When Thomas heard of Sirius’s habit of retiring on to the moor to practise singing, he feared lest his precious animal should become notorious as “the singing dog,” and be exploited. It was indeed startling for the natives to hear the sweet, accurate, but inarticulate and inhuman voice, and to come upon a large dog squatting on his haunches melodiously giving tongue. Thomas, it was rumoured, had sinister powers. He could put demons into dogs. Fortunately the farther these rumours spread, the less they were believed. No craze equivalent to the case of the talking mongoose or the Loch Ness monster developed over the singing dog.
In his puppyhood Sirius sang only human music. Throughout his life he was deeply interested in the great classical achievements of man’s musical genius, but as he had always found the fundamental structure of human music crude, and inadequate to his interest in sound-form and the emotions which sought musical expression, he began to experiment with new scales, intervals, and rhythms, suited to his more sensitive hearing. He made use of the quarter-tone and even the eighth-of-a-tone. Sometimes, in his purely canine mood, his melodies divided the octave in quite a different manner from any human musical mode. Thus to the human listener his most distinctive music became less recognizably musical and more like the baying of a dog, though a strangely varied and disturbing baying.
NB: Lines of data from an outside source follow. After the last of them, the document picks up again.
Definition Gam (p : R) (q : Cx) (f : Sp2) : Sp2 :=
  (sadd (ssc (RtoC p) (fst f)) (ssc q (Lsh (snd f))),
   ssub (ssc (Cconj q) (Lsh_adj (fst f))) (ssc (RtoC p) (snd f))).
Definition Coin (a1 a2 : Z -> R) (b : Z -> Cx) (f : Sp2) : Sp2 :=
  (sadd (smul (fun x => RtoC (a1 x)) (fst f)) (smul (fun x => Cconj (b x)) (snd f)),
   sadd (smul b (fst f)) (smul (fun x => RtoC (a2 x)) (snd f))).
Definition Qop (p : R) (q : Cx) (a1 a2 : Z -> R) (b : Z -> Cx) (f : Sp2) : Sp2 :=
  vsc (Cinv (Cmul (RtoC 2) Ci))
      (vsub (Gam p q (Coin a1 a2 b f)) (Coin a1 a2 b (Gam p q f))).
Definition Hplus (p : R) (q : Cx) (f : Sp2) : Prop := l2 f /\ Gam p q f = f.
Definition Hminus (p : R) (q : Cx) (f : Sp2) : Prop :=
  l2 f /\ Gam p q f = vsc (RtoC (-1)) f.
Definition SUSY_Fredholm p q a1 a2 b : Prop :=
  Fredholm (Hplus p q) (Hminus p q) (Qop p q a1 a2 b).
(* ker H_+ and ker H_-, with H = Q^2 *)
Definition kerHplus p q a1 a2 b (f : Sp2) : Prop :=
  Hplus p q f /\ Qop p q a1 a2 b (Qop p q a1 a2 b f) = vzero.
Definition kerHminus p q a1 a2 b (f : Sp2) : Prop :=
  Hminus p q f /\ Qop p q a1 a2 b (Qop p q a1 a2 b f) = vzero.

Definition epsop (p theta : R) (f : Sp2) : Sp2 :=
  let s := RtoC (/ sqrt 2) in
  let cp := RtoC (sqrt (1 + p)) in
  let cm := RtoC (sqrt (1 - p)) in
  let e := Cexpi (- theta) in
  (ssc s (ssub (ssc cp (fst f)) (ssc cm (snd f))),
   ssc s (sadd (ssc (Cmul cm e) (Lsh_adj (fst f))) (ssc (Cmul cp e) (Lsh_adj (snd f))))).

(* Q_{eps_+} (sg = 1) and Q_{eps_-} (sg = -1):
   -2i Q = (1 + sg p) e^{i theta} L b - (1 - sg p) e^{-i theta} conj(b) L^*
           + sg |q| (a2(.+1) - a1) *)
Definition Qeps (sg p : R) (q : Cx) (theta : R) (a1 a2 : Z -> R) (b : Z -> Cx) (f : Seq) : Seq :=
  ssc (Cinv (Cmul (RtoC (-2)) Ci))
    (sadd (ssub (ssc (Cmul (RtoC (1 + sg * p)) (Cexpi theta)) (Lsh (smul b f)))
                (ssc (Cmul (RtoC (1 - sg * p)) (Cexpi (- theta)))
                     (smul (fun x => Cconj (b x)) (Lsh_adj f))))
          (ssc (RtoC (sg * Cmod q)) (smul (fun x => RtoC (a2 (x + 1)%Z - a1 x)) f))).
Definition Qeps_p p q theta a1 a2 b : Sp1 -> Sp1 := Qeps 1 p q theta a1 a2 b.
Definition Qeps_m p q theta a1 a2 b : Sp1 -> Sp1 := Qeps (-1) p q theta a1 a2 b.
Definition Qblock p q theta a1 a2 b (f : Sp2) : Sp2 :=
  (Qeps_m p q theta a1 a2 b (snd f), Qeps_p p q theta a1 a2 b (fst f)).
Theorem mainTheorem7 (rho_r lam Rate : R) :
  (0 < rho_r < 1) -> (rho_r < lam) -> (lam < Rate) ->
  exists delta : R, (0 < delta) /\
  exists c : R, (0 < c) /\
  exists N : nat, forall n : nat, (N <= n)%N ->
    let l := nfloor (lam * INR n) in
    let k := (nfloor (Rate * INR n) - l)%N in
    (1 - exp (- (c * INR n)) <=
     Prob_code (fun C : code n k l =>
        Sem_le C (nfloor (rho_r * INR n)) (exp (- (INR n * delta))))).
Proof.
move=> [hr0 _] hrl hlR.
(* With eps = exp (- n d), 2^(l-r) eps^2 is about exp (2 n d), which dominates the
   2^(k + 2n) terms of the union bound. *)
pose d := (lam - rho_r) * ln 2 / 4.
have hd : 0 < d by have := ln_lt_2; rewrite /d; nra.
have [N hN] := @large_n_bounds (16 * (Rate + 5)) d ltac:(lra) hd.
exists (d / 2); split; first lra; exists 1; split; first lra.
exists N => n /hN[hn hnd hnd2] l k; set r := nfloor (rho_r * INR n).
have [hk hlr] := nfloor_rate_bounds n hr0 hrl hlR.
have heps := eight_exp_opp_le hnd.
have he : 0 < exp (- (INR n * d)) <= 1/2.
  split; first exact: exp_pos.
  by have := exp_le_exp (x := - (INR n * d / 2)) (y := 0) ltac:(lra); rewrite exp_0; lra.
apply: (Rle_trans _ _ _ _ (Rle_trans _ _ _ (Prob_concentrated n k l r he) (Prob_code_mono _))).
  rewrite Rmult_1_l; apply/Rplus_le_compat_l/Ropp_le_contravar.
  apply: (@union_bound_le n k l r Rate d) => //.
  by move: hlr; rewrite -/l -/r /d => hlr; have := ln_lt_2; nra.
move=> C /(concentrated_Sem_le he) hC P S hP hS.
apply: (Rle_trans _ _ _ (hC P S hP hS)).
by rewrite /Rdiv -Rmult_assoc.
Qed.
A supple and mellow voice was Sirius’s only medium of expression. He often longed to play some instrument, so as to be able to introduce harmony into his experiments, but his tragic lack of hands prevented him. Sometimes he sat at the piano trying to finger out a two-note accompaniment to his singing, but his paws were far too clumsy to do even this properly. For long spells he would give up music entirely because his handlessness prevented him from doing what he wanted with it. At these times he would wander about with tail and head low, refusing comfort. The mingled sense of helplessness and talent tormented him. But presently his buoyant spirits would revive, and he would resolve that, if instrumental music must remain for ever impossible to him, he would do new and marvellous things with his voice. Throughout his life Sirius alternated between self-pity on account of his disabilities and a surprisingly detached and humorous acceptance of his nature and his environment, issuing in a zestful will to triumph in spite of everything.